__Work task__:
From the line with "[M] of [Q], the" through the line with "its basis grows", inclusive, return each line of the data below exactly and leave the rest out.

BEGIN

(* For every non-empty well-quasi-order $Q$, $o(\mathsf{T_f}(Q))>o(Q)$.
   Context: A well-quasi-order is a quasi-order in which every infinite sequence $(x_i)_{i<\omega}$ has $i<j$ with $x_i\le x_j$. For a wqo $P$, $o(P)$ is the supremum of the order types of linearizations of $P$, i.e. linear quasi-orders on the same set extending its order. Trees: $\mathsf{T_f}(Q)$ is the smallest class containing the leaf $\cdot q$ for each $q\in Q$, and containing $\cdot(\tau_0,\dots,\tau_{k-1})$ (an unlabelled root whose children are the $\tau_i$) for every finite set $\{\tau_0,\dots,\tau_{k-1}\}\subseteq\mathsf{T_f}(Q)$ with $k\ge1$. Its order $\le_T$ is defined recursively: - $\cdot x\le_T\cdot y$ iff $x\le_Q y$; - $\cdot x\le_T\cdot(\tau_j)_{j<l}$ iff $\cdot x\le_T\tau_j$ for some $j$; - $\cdot(\sigma_i)_{i<k}\le_T\cdot(\tau_j)_{j<l}$ iff every $\sigma_i$ is $\le_T$ some $\tau_j$; - a non-leaf tree is never $\le_T$ a leaf. *)

From Stdlib Require Import List.
Import ListNotations.

Definition quasi_order {X : Type} (le : X -> X -> Prop) : Prop :=
  (forall x, le x x) /\ (forall x y z, le x y -> le y z -> le x z).

Definition wqo {X : Type} (le : X -> X -> Prop) : Prop :=
  quasi_order le /\
  forall f : nat -> X, exists i j, i < j /\ le (f i) (f j).

Definition strict {X : Type} (le : X -> X -> Prop) (x y : X) : Prop :=
  le x y /\ ~ le y x.

Definition linearization {X : Type} (le L : X -> X -> Prop) : Prop :=
  quasi_order L /\ (forall x y, L x y \/ L y x) /\
  (forall x y, le x y -> L x y).

(** Comparison of maximal order types without an ordinal datatype.
    For wqos P (on X) and P' (on Y), [o_lt P P'] expresses o(P) < o(P'),
    where o(P) = sup { type(L) | L linearization of P }.
    Indeed o(P) < o(P') iff there is an ordinal beta < o(P') with
    type(M) <= beta for every linearization M of P; the ordinals
    beta < o(P') are exactly the order types of the proper initial
    segments {y | y <_L a} of linearizations L of P'; and for well-ordered
    (linear quasi-)orders, type(M) <= type(S) iff there is a map that is
    strictly increasing w.r.t. the strict parts. *)
Definition o_lt {X Y : Type} (P : X -> X -> Prop) (P' : Y -> Y -> Prop)
  : Prop :=
  exists (L : Y -> Y -> Prop) (a : Y),
    linearization P' L /\
    forall M : X -> X -> Prop, linearization P M ->
      exists f : X -> Y,
        (forall x y, strict M x y -> strict L (f x) (f y)) /\
        (forall x, strict L (f x) a).

(** Finite trees T_f(Q): leaves labelled in Q, internal nodes unlabelled
    with a finite non-empty collection of children (here a non-empty list
    [t :: ts]; the order below only depends on membership, so duplicates
    and permutations yield <=_T-equivalent trees). *)
Inductive tree (Q : Type) : Type :=
| Leaf : Q -> tree Q
| Node : tree Q -> list (tree Q) -> tree Q.

Arguments Leaf {Q} _.
Arguments Node {Q} _ _.

Inductive tle {Q : Type} (qle : Q -> Q -> Prop) : tree Q -> tree Q -> Prop :=
| tle_leaf_leaf : forall x y, qle x y -> tle qle (Leaf x) (Leaf y)
| tle_leaf_node : forall x t ts u,
    In u (t :: ts) -> tle qle (Leaf x) u -> tle qle (Leaf x) (Node t ts)
| tle_node_node : forall s ss t ts,
    (forall sg, In sg (s :: ss) ->
       exists tau, In tau (t :: ts) /\ tle qle sg tau) ->
    tle qle (Node s ss) (Node t ts).

From Stdlib Require Import List Classical ClassicalEpsilon Lia.
Import ListNotations.
From mathcomp Require boolp wochoice.

(** Fix a well-order [W] of [Q] extending the strict part of [qle].  For a linearization
    [M] of [Q], the upset [{z | M x z}] is generated by the antichain that lists, in
    turn, its [W]-least elements outside the upward closure of those listed before; the
    list is finite because [Q] is a wqo.  As [x] grows along [M] the upset shrinks, and
    its basis grows strictly in the lexicographic order induced by [W] in which proper
    extensions are smaller.  Each basis is encoded by a tree of height at most 6 built
    from gadgets for its first element, its consecutive pairs and its last element, so
    that an embedding between codes forces the lexicographic inequality.  Ordering trees
    first by whether they lie below some code and then by the downward closure of the
    codes below them linearizes [T_f(Q)], and every [M] maps strictly below the tower of
    height 7. *)

Lemma not_Acc_descent {T : Type} (R : T -> T -> Prop) x :
  ~ Acc R x -> exists f : nat -> T, forall n, R (f (S n)) (f n).
Proof.
  intro Hx.
  assert (step : forall y : {y | ~ Acc R y},
             exists z : {z | ~ Acc R z}, R (proj1_sig z) (proj1_sig y)).
  { intros [y Hy]. apply NNPP; intro C. apply Hy. constructor. intros z Rz.
    apply NNPP; intro Hz. apply C. exists (exist _ z Hz). exact Rz. }
  destruct (choice _ step) as [next Hnext].
  exists (fun n => proj1_sig (Nat.iter n next (exist _ x Hx))).
  intro n. exact (Hnext _).
Qed.
(* Let $f:\mathbb{R}^N\times(0,T]\to\mathbb{R}^N$ be monotone in the sense that $(f(u,t)-f(v,t),u-v)\le 0$ for all $u,v\in\mathbb{R}^N$ and all $t$. Let $U$ and $V$ be the $\mathrm{mdG}(q)$ solutions of $\dot w=f(w,t)$ on $(0,T]$ with initial data $U(0^-)$ and $V(0^-)$ respectively, computed on the same partitions and with the same local degrees. Then at every synchronized time-level $\bar t$ (for instance $\bar t=T$), $$\|U(\bar t^-)-V(\bar t^-)\|\le \|U(0^-)-V(0^-)\|,$$ where $\|\cdot\|$ is the Euclidean norm and $(\cdot,\cdot)$ the Euclidean inner product.
   Context: Multi-adaptive discontinuous Galerkin method $\mathrm{mdG}(q)$ for $\dot w=f(w,t)$ on $(0,T]$ with $w(0^-)$ given: for each component $i=1,\dots,N$ one chooses a partition $0=t_{i0}<\dots<t_{iM_i}=T$, intervals $I_{ij}=(t_{i,j-1},t_{ij}]$ and degrees $q_{ij}\ge0$. The solution $W$ has $W_i|_{I_{ij}}\in\mathcal{P}^{q_{ij}}(I_{ij})$ (polynomials of degree $\le q_{ij}$; no continuity required across nodes), $W_i(0^-)$ given, and for all $i,j$ $$[W_i]_{i,j-1}\,v(t_{i,j-1}^+)+\int_{I_{ij}}\dot W_i\,v\,dt=\int_{I_{ij}}f_i(W(t),t)\,v\,dt\qquad\forall v\in\mathcal{P}^{q_{ij}}(I_{ij}),$$ where $[W_i]_{ij}=W_i(t_{ij}^+)-W_i(t_{ij}^-)$ and integrals are exact. A synchronized time-level is a time $\bar t\in(0,T]$ that is a partition node $t_{ij}$ for every component $i$. *)

From HB Require Import structures.
From mathcomp Require Import all_boot all_order all_algebra.
From mathcomp Require Import all_classical all_reals all_analysis.
Set Implicit Arguments. Unset Strict Implicit. Unset Printing Implicit Defensive.
Import Order.TTheory GRing.Theory Num.Theory.
Local Open Scope classical_set_scope.
Local Open Scope ring_scope.

Definition vdot {R : realType} {N : nat} (x y : 'I_N -> R) : R :=
  \sum_(i < N) x i * y i.
Definition vnorm {R : realType} {N : nat} (x : 'I_N -> R) : R :=
  Num.sqrt (vdot x x).
Definition vsub {R : realType} {N : nat} (x y : 'I_N -> R) : 'I_N -> R :=
  fun i => x i - y i.

Definition monotone_rhs {R : realType} {N : nat} (T : R)
  (f : ('I_N -> R) -> R -> ('I_N -> R)) : Prop :=
  forall (u v : 'I_N -> R) (t : R), 0 < t <= T ->
    vdot (vsub (f u t) (f v t)) (vsub u v) <= 0.

Definition valid_partitions {R : realType} {N : nat} (T : R)
  (M : 'I_N -> nat) (tp : 'I_N -> nat -> R) : Prop :=
  forall i : 'I_N, tp i 0%N = 0 /\ tp i (M i) = T /\
    (forall j : nat, (j < M i)%N -> tp i j < tp i j.+1).

Definition intI {R : realType} (a b : R) (g : R -> R) : R :=
  Rintegral (@lebesgue_measure R) `]a, b] g.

END

__The answer__:
    [M] of [Q], the upset [{z | M x z}] is generated by the antichain that lists, in
    turn, its [W]-least elements outside the upward closure of those listed before; the
    list is finite because [Q] is a wqo.  As [x] grows along [M] the upset shrinks, and
    its basis grows strictly in the lexicographic order induced by [W] in which proper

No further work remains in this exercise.